A spherical balloon is inflected with gas at the rate of 20cm^3 per mint. How fast the radius of the balloon changing at the when the radius is 2cm?
We can use the formula for the volume of a sphere: V = (4/3)πr^3, where V is the volume and r is the radius.
Differentiating both sides with respect to time (t), we get:
dV/dt = 4πr^2 (dr/dt)
where dV/dt is the rate of change of volume (which is 20 cm^3/min), and dr/dt is the rate of change of radius (which we need to find).

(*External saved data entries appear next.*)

(* Let $r\ge1$ and $f,g\in \mathrm{M}_r(\mathbb{C})[Z]$. Define $P_f(x,y_1)=\det(y_1I-f(xI))\in\mathbb{C}[x,y_1]$, $P_g(x,y_2)=\det(y_2I-g(xI))\in\mathbb{C}[x,y_2]$, and $$R_{f,g}(y_1,y_2)=\mathrm{Res}_x\left(P_f(x,y_1),P_g(x,y_2)\right),\qquad T_{f,g}(y_1,y_2)=\mathrm{Res}_x\left(P_f(x,y_1),\,y_2-\det(g(xI))\right),$$ both in $\mathbb{C}[y_1,y_2]$, where $\mathrm{Res}_x$ is the resultant with respect to $x$. (i) If every eigenvalue of $f(xI)$ and every eigenvalue of $g(xI)$ are multiplicatively independent functions in $\overline{\mathbb{C}(x)}$, then $R_{f,g}(y_1,y_2)$ has no factor of the form $y_1^iy_2^j-\rho$ or $y_1^i-\rho y_2^j$ with $i,j$ nonnegative integers not both zero and $\rho$ a root of unity. (ii) If every eigenvalue of $f(xI)$ and $\det(g(xI))$ are multiplicatively independent functions in $\overline{\mathbb{C}(x)}$, then $T_{f,g}(y_1,y_2)$ has no factor of the form $y_1^iy_2^j-\rho$ or $y_1^i-\rho y_2^j$ with $i,j$ nonnegative integers not both zero and $\rho$ a root of unity.
   Context: A matrix polynomial $f\in\mathrm{M}_r(\mathbb{C})[Z]$ is $f(Z)=C_dZ^d+\cdots+C_0$ with $C_i\in\mathrm{M}_r(\mathbb{C})$, $C_d\ne0$, $d\ge1$; $f(xI)=\sum_iC_ix^i$ for a scalar variable $x$, $I$ the identity matrix. Eigenvalues of $f(xI)$ are taken in an algebraic closure $\overline{\mathbb{C}(x)}$ of $\mathbb{C}(x)$. Two functions $h_1,h_2\in\overline{\mathbb{C}(x)}$ are multiplicatively independent if there is no $(k_1,k_2)\in\mathbb{Z}^2\setminus\{(0,0)\}$ with $h_1^{k_1}h_2^{k_2}=1$. *)

(* C = R[i] (complex numbers over an arbitrary realType R,
   i.e. a copy of the complex field). *)
From HB Require Import structures.
From mathcomp Require Import all_boot all_algebra.
From mathcomp Require Import fraction complex reals.
Set Implicit Arguments. Unset Strict Implicit. Unset Printing Implicit Defensive.
Import GRing.Theory.
Local Open Scope ring_scope.

(* f(xI) = sum_k C_k x^k, for f = sum_k C_k Z^k in M_r(C)[Z], as an
   r x r matrix with entries in C[x]. *)
Definition evalXI (R : realType) (n : nat) (f : {poly 'M[R[i]]_n.+1})
  : 'M[{poly R[i]}]_n.+1 :=
  \matrix_(i, j) \poly_(k < size f) ((f`_k) i j).

(* C[y1,y2] is represented as {poly {poly C}}: inner variable y1, outer y2.
   Polynomials in x with coefficients in C[y1,y2] are {poly {poly {poly C}}}. *)
Definition y1 (R : realType) : {poly {poly R[i]}} := ('X)%:P.
Definition y2 (R : realType) : {poly {poly R[i]}} := 'X.

Definition liftX (R : realType) (p : {poly R[i]}) : {poly {poly {poly R[i]}}} :=
  map_poly (fun c : R[i] => c%:P%:P) p.

Definition Pf (R : realType) (n : nat) (f : {poly 'M[R[i]]_n.+1})
  : {poly {poly {poly R[i]}}} :=
  \det ((y1 R)%:P%:M - map_mx (@liftX R) (evalXI f)).

Definition Pg (R : realType) (n : nat) (g : {poly 'M[R[i]]_n.+1})
  : {poly {poly {poly R[i]}}} :=
  \det ((y2 R)%:P%:M - map_mx (@liftX R) (evalXI g)).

At the given radius of 2 cm, we can plug in the values and solve for dr/dt:
20 = 4π(2)^2 (dr/dt)
dr/dt = 20 / (16π)
dr/dt ≈ 0.397 cm/min
Therefore, the radius of the balloon is changing at a rate of approximately 0.397 cm/min when the radius is 2 cm.

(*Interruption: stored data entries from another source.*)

(* finite object (Dedekind finiteness) *)
Definition is_finite_object (X : C) : Prop :=
  forall m : Hom X X, is_mono m -> is_iso m.

End Cat.

Record Functor (C D : Category) := {
  F_ob :> C -> D;
  F_hom : forall A B : C, Hom A B -> Hom (F_ob A) (F_ob B);
  F_id : forall A : C, F_hom (idm A) = idm (F_ob A);
  F_comp : forall (A B E : C) (g : Hom B E) (f : Hom A B),
      F_hom (g \o' f) = F_hom g \o' F_hom f
}.

Arguments F_hom {C D} f {A B} f0 : rename.

Record NatTrans (C D : Category) (F G : Functor C D) := {
  nt_comp :> forall X : C, Hom (F X) (G X);
  nt_nat : forall (X Y : C) (f : Hom X Y),
      nt_comp Y \o' F_hom F f = F_hom G f \o' nt_comp X
}.

Section Func.
Variables (C D : Category) (F : Functor C D).

Definition is_faithful : Prop :=
  forall (A B : C) (f g : Hom A B), F_hom F f = F_hom F g -> f = g.

Definition preserves_finite_limits : Prop :=
  (forall T : C, is_terminal T -> is_terminal (F T)) /\
  (forall (A B P : C) (p1 : Hom P A) (p2 : Hom P B),
     is_product p1 p2 -> is_product (F_hom F p1) (F_hom F p2)) /\
  (forall (A B E : C) (f g : Hom A B) (e : Hom E A),
     is_equalizer f g e -> is_equalizer (F_hom F f) (F_hom F g) (F_hom F e)).

Definition preserves_subobject_classifier : Prop :=
  forall (T Omega : C) (t : Hom T Omega),
    is_subobject_classifier t -> is_subobject_classifier (F_hom F t).

Definition preserves_exponentials : Prop :=
  forall (A B E P : C) (p1 : Hom P E) (p2 : Hom P A) (ev : Hom P B),
    is_exponential p1 p2 ev ->
    is_exponential (F_hom F p1) (F_hom F p2) (F_hom F ev).

Definition preserves_NNO : Prop :=
  forall (T N : C) (z : Hom T N) (s : Hom N N),
    is_NNO z s -> is_NNO (F_hom F z) (F_hom F s).

End Func.

(* [is_identity_component a] : a : Hom X Y is an identity morphism,
   i.e. X = Y and a is id_X transported along that equality *)
Definition is_identity_component (D : Category) (X Y : D) (a : Hom X Y) : Prop :=
  exists e : X = Y,
    match e in _ = Z return Hom X Z with eq_refl => idm X end = a.

Definition duplicated_category_of_sets (S Sh : Category)
    (sigma tau : Functor S Sh) (iota : NatTrans sigma tau) : Prop :=
  ETCS S /\ ETCS Sh /\
  (preserves_finite_limits sigma /\ preserves_subobject_classifier sigma /\
   preserves_exponentials sigma /\ preserves_NNO sigma) /\
  preserves_finite_limits tau /\
  (forall X : S, is_finite_object X -> is_identity_component (iota X)).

To solve this problem, we can use the formula for the volume of a sphere:
V = (4/3) * π * r^3
Where V is the volume of the sphere and r is the radius. We are given the rate of change of the volume, so we can differentiate the above equation with respect to time (t):
dV/dt = 4πr^2 * dr/dt
Here, dV/dt represents the rate of change of the volume, and dr/dt represents the rate of change of the radius.
Given that dV/dt = 20 cm^3/min and r = 2 cm, we can substitute these values into the equation and solve for dr/dt:
20 = 4π(2^2) * dr/dt
20 = 16π * dr/dt
Dividing both sides of the equation by 16π:
dr/dt = 20 / (16π)
Simplifying the right side:
dr/dt ≈ 0.397 cm/min
Therefore, the radius of the balloon is changing at a rate of approximately 0.397 cm/min when the radius is 2 cm.